What to work on —
Only those lines in the data below from the line containing "as one relation)." through the line containing "Definition mon (i", both included, should be restated word for word.

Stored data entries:
-- Opening Marker --

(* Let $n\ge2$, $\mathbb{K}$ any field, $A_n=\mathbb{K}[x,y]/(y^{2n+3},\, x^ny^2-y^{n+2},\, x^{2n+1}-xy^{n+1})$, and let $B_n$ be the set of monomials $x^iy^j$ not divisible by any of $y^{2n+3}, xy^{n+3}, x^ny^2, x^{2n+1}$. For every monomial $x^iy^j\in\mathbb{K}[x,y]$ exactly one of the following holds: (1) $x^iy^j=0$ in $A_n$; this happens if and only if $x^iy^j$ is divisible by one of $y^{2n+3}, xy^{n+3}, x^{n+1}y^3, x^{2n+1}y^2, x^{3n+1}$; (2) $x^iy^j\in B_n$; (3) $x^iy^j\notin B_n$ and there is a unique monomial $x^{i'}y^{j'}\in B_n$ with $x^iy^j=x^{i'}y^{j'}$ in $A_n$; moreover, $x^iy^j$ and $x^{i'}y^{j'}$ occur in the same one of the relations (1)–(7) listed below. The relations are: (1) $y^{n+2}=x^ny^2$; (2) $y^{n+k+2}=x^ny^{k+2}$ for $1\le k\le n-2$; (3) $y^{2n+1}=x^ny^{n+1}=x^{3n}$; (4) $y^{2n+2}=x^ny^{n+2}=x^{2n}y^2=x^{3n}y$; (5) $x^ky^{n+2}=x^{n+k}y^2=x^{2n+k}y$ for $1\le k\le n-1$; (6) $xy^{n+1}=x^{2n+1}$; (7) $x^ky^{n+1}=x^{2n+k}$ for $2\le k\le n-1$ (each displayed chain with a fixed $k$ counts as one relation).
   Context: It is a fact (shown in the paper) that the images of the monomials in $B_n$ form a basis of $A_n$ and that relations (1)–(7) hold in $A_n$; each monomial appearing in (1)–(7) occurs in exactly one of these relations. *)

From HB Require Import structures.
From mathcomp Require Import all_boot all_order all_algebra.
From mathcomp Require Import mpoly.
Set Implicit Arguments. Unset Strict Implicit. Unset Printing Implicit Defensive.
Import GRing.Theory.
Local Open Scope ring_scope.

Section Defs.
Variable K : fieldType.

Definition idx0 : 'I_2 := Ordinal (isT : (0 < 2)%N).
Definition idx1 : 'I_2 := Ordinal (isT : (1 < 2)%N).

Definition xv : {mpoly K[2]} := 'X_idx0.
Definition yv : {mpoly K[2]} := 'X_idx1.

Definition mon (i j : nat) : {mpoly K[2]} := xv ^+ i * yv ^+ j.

-- Closing Marker --
-- Opening Marker --

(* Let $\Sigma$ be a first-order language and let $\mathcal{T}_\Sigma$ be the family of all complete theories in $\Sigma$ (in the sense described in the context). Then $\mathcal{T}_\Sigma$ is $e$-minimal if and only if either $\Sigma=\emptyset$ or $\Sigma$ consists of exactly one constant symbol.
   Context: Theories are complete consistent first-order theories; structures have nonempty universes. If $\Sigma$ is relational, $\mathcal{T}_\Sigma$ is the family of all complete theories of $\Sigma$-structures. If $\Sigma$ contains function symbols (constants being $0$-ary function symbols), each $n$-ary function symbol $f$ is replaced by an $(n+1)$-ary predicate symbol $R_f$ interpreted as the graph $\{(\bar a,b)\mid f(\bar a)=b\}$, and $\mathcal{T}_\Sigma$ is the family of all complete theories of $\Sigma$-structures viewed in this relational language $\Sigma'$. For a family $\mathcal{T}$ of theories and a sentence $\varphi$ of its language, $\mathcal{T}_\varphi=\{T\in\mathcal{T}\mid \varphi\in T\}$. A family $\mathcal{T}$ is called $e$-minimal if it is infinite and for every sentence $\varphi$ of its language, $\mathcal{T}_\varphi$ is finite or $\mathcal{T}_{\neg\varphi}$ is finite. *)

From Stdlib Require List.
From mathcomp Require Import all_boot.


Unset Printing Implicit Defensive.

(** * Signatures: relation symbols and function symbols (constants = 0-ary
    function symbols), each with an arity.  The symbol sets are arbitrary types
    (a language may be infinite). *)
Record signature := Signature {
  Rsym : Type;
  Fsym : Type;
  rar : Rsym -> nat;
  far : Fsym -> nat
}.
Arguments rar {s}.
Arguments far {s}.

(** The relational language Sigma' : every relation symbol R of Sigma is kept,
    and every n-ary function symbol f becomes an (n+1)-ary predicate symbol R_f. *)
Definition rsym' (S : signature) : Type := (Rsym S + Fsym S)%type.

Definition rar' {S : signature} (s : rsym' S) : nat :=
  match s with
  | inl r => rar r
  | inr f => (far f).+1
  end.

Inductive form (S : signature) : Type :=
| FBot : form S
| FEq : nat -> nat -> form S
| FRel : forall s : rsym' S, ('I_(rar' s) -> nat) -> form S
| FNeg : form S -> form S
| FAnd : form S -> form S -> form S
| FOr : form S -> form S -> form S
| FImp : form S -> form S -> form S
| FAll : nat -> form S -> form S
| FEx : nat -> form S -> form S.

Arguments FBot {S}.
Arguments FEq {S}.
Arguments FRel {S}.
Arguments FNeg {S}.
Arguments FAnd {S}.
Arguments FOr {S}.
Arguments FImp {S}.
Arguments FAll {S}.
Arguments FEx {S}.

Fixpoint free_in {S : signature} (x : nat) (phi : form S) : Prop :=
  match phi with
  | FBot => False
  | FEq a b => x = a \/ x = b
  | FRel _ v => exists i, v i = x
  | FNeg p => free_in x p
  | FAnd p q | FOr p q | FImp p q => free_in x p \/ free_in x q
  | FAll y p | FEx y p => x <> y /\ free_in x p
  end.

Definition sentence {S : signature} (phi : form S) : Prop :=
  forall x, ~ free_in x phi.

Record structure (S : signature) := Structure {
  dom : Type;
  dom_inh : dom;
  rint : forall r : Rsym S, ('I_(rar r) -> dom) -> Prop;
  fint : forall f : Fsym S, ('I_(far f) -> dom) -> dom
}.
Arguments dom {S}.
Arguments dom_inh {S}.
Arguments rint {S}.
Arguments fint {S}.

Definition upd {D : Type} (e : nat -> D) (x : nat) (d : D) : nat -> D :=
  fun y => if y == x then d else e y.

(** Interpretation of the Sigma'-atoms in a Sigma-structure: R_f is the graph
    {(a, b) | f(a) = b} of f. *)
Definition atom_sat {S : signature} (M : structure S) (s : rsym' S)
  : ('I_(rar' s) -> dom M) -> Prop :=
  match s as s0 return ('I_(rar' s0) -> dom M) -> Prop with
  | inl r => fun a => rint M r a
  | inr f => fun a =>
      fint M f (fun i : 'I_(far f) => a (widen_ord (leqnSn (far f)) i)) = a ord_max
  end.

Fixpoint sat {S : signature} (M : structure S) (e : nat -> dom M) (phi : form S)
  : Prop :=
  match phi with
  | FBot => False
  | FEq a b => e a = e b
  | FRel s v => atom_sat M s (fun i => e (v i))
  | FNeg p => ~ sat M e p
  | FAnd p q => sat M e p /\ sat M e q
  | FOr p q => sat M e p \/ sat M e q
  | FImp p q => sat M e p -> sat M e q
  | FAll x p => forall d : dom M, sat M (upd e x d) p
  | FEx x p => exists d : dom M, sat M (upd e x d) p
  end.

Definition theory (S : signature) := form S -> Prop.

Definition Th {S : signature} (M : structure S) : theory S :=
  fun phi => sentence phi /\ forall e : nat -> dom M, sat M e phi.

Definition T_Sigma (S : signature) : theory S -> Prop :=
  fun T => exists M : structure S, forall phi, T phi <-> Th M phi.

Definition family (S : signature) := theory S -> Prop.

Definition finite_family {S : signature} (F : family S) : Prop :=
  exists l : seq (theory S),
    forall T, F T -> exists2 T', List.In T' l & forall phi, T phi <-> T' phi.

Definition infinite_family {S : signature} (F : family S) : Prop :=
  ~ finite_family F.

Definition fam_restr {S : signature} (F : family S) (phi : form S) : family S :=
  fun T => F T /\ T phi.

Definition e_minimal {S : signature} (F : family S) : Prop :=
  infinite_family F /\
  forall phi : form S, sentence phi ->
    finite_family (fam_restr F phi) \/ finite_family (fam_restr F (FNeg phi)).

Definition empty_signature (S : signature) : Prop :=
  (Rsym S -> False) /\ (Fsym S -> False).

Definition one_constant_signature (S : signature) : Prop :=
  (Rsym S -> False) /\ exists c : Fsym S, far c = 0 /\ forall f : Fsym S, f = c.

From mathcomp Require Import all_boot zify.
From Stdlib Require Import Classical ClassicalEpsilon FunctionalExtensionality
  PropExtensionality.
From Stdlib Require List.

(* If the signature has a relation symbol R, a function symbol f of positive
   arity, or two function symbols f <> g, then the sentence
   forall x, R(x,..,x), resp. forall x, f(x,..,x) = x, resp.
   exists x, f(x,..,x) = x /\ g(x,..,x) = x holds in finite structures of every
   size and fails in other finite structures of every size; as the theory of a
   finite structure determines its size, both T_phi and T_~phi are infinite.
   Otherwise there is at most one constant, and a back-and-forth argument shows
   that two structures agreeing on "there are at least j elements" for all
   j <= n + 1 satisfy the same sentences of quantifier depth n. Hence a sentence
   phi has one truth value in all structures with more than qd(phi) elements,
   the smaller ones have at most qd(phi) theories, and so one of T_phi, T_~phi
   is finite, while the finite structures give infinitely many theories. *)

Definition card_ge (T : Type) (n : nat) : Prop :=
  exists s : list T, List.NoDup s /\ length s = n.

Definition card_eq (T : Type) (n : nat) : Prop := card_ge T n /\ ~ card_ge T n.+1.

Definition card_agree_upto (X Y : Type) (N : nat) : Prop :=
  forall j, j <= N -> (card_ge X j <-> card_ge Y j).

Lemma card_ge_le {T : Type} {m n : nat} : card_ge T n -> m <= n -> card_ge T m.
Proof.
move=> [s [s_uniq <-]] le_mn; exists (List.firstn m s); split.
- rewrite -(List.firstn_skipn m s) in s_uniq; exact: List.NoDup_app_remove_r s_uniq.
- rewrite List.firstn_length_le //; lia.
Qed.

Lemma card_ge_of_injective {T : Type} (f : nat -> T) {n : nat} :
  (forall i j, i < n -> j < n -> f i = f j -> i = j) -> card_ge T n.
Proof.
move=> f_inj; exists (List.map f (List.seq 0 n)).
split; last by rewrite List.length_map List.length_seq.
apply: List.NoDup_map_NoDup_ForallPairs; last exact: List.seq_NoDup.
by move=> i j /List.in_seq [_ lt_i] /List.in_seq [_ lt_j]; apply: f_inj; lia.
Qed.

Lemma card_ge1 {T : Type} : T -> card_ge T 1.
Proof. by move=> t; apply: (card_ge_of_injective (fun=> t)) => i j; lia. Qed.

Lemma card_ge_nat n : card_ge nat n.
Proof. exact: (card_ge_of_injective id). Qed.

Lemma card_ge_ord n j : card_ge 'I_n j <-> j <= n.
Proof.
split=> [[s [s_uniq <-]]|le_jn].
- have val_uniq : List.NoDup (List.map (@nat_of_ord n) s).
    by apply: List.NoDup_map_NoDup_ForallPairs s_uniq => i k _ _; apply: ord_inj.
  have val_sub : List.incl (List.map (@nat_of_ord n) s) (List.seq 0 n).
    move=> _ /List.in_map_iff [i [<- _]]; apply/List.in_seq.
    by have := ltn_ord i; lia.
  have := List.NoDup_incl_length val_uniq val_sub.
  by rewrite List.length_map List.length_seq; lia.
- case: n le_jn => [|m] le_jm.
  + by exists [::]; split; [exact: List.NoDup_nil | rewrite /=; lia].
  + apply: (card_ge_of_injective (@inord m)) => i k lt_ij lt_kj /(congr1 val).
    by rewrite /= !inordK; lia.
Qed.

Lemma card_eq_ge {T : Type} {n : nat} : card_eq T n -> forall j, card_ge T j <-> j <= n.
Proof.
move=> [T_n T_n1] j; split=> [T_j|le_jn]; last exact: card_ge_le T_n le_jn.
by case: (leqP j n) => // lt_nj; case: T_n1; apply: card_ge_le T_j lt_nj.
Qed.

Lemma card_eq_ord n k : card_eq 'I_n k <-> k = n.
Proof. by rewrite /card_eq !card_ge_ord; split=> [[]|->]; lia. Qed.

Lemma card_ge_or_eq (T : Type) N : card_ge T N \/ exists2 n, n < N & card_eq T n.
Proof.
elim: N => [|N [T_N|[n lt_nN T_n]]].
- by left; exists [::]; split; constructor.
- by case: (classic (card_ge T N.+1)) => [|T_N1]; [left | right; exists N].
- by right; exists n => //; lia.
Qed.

-- Closing Marker --
-- Opening Marker --

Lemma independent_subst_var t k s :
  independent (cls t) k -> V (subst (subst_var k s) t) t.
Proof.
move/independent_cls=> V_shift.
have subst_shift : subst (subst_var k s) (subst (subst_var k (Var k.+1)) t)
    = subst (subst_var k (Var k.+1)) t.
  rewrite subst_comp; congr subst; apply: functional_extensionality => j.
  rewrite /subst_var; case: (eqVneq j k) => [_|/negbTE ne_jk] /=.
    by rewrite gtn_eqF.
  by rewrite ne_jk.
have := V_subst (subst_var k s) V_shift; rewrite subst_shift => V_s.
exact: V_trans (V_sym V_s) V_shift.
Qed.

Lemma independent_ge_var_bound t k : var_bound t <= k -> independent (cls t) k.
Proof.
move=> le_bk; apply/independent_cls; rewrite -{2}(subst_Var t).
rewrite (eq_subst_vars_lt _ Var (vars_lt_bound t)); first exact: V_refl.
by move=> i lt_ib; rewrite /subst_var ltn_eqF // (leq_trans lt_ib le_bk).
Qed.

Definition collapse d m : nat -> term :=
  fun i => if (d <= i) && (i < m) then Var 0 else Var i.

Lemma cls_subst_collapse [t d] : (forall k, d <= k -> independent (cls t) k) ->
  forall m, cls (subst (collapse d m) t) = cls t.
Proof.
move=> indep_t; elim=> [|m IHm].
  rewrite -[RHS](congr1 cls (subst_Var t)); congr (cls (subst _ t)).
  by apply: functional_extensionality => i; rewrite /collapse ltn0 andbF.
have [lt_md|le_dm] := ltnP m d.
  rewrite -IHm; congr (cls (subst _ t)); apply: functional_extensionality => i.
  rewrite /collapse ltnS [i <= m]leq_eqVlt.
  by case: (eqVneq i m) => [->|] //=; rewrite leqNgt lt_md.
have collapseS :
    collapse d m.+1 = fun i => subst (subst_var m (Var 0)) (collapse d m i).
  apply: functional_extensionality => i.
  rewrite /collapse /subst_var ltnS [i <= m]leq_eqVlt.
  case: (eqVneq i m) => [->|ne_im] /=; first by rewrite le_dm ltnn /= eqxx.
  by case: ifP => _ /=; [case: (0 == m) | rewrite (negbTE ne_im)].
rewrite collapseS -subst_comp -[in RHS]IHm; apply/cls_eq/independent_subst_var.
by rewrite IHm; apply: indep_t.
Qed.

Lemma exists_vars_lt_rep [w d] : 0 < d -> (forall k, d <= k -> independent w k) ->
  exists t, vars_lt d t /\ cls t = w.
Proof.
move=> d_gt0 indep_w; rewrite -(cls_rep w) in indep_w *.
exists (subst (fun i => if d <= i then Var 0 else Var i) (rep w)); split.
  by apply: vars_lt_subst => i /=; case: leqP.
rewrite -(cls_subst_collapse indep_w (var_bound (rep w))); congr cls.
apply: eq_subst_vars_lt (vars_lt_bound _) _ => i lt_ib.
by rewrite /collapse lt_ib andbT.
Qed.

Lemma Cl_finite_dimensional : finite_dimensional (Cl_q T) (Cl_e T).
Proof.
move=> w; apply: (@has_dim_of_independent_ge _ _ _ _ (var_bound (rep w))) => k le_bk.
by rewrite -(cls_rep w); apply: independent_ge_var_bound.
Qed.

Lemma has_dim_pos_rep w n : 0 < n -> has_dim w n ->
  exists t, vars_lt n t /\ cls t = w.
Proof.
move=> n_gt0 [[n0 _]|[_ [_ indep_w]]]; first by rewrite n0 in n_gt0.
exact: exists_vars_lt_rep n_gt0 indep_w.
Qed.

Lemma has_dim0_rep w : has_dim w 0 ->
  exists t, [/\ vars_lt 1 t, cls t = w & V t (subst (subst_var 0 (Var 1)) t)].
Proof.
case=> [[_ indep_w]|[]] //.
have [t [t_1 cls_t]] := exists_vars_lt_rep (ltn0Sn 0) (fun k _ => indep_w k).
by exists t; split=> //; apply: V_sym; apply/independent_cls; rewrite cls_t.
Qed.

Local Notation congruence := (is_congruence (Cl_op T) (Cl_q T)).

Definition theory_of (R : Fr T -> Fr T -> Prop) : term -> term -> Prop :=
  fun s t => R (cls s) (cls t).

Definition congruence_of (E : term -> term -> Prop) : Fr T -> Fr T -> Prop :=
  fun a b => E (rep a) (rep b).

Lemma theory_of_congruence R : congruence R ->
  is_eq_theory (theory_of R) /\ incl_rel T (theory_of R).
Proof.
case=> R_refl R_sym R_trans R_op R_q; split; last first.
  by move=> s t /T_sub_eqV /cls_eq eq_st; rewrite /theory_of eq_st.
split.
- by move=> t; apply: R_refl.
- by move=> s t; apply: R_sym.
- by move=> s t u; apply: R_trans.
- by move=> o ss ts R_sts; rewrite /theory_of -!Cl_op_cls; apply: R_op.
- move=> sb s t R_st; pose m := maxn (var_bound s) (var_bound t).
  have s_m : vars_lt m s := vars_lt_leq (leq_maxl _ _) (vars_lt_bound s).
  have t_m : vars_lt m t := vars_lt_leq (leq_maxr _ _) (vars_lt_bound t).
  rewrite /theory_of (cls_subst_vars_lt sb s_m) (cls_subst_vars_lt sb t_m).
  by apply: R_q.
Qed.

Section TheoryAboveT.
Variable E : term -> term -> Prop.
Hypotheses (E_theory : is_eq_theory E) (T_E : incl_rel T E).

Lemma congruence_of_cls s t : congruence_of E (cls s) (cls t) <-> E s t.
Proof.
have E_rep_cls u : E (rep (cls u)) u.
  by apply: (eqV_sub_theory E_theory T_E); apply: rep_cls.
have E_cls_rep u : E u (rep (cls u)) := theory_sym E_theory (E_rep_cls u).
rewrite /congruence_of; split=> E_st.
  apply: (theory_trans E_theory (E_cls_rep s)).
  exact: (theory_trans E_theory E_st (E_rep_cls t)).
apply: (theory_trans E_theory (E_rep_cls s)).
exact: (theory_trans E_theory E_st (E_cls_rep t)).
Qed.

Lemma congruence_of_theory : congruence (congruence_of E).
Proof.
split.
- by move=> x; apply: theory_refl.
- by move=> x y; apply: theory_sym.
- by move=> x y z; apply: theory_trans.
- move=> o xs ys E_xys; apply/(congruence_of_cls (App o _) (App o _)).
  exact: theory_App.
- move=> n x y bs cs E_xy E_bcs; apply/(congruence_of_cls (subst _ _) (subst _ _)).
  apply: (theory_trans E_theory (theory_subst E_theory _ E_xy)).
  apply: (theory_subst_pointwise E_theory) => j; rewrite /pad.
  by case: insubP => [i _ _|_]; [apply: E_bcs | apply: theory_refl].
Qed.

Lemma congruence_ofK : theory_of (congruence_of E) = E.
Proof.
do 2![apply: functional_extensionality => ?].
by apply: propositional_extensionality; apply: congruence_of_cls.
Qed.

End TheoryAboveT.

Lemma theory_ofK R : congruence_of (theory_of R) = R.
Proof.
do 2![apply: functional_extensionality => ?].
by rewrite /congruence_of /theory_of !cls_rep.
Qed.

-- Closing Marker --

Expected answer —
(* Let $n\ge2$, $\mathbb{K}$ any field, $A_n=\mathbb{K}[x,y]/(y^{2n+3},\, x^ny^2-y^{n+2},\, x^{2n+1}-xy^{n+1})$, and let $B_n$ be the set of monomials $x^iy^j$ not divisible by any of $y^{2n+3}, xy^{n+3}, x^ny^2, x^{2n+1}$. For every monomial $x^iy^j\in\mathbb{K}[x,y]$ exactly one of the following holds: (1) $x^iy^j=0$ in $A_n$; this happens if and only if $x^iy^j$ is divisible by one of $y^{2n+3}, xy^{n+3}, x^{n+1}y^3, x^{2n+1}y^2, x^{3n+1}$; (2) $x^iy^j\in B_n$; (3) $x^iy^j\notin B_n$ and there is a unique monomial $x^{i'}y^{j'}\in B_n$ with $x^iy^j=x^{i'}y^{j'}$ in $A_n$; moreover, $x^iy^j$ and $x^{i'}y^{j'}$ occur in the same one of the relations (1)–(7) listed below. The relations are: (1) $y^{n+2}=x^ny^2$; (2) $y^{n+k+2}=x^ny^{k+2}$ for $1\le k\le n-2$; (3) $y^{2n+1}=x^ny^{n+1}=x^{3n}$; (4) $y^{2n+2}=x^ny^{n+2}=x^{2n}y^2=x^{3n}y$; (5) $x^ky^{n+2}=x^{n+k}y^2=x^{2n+k}y$ for $1\le k\le n-1$; (6) $xy^{n+1}=x^{2n+1}$; (7) $x^ky^{n+1}=x^{2n+k}$ for $2\le k\le n-1$ (each displayed chain with a fixed $k$ counts as one relation).
   Context: It is a fact (shown in the paper) that the images of the monomials in $B_n$ form a basis of $A_n$ and that relations (1)–(7) hold in $A_n$; each monomial appearing in (1)–(7) occurs in exactly one of these relations. *)

From HB Require Import structures.
From mathcomp Require Import all_boot all_order all_algebra.
From mathcomp Require Import mpoly.
Set Implicit Arguments. Unset Strict Implicit. Unset Printing Implicit Defensive.
Import GRing.Theory.
Local Open Scope ring_scope.

Section Defs.
Variable K : fieldType.

Definition idx0 : 'I_2 := Ordinal (isT : (0 < 2)%N).
Definition idx1 : 'I_2 := Ordinal (isT : (1 < 2)%N).

Definition xv : {mpoly K[2]} := 'X_idx0.
Definition yv : {mpoly K[2]} := 'X_idx1.

Definition mon (i j : nat) : {mpoly K[2]} := xv ^+ i * yv ^+ j.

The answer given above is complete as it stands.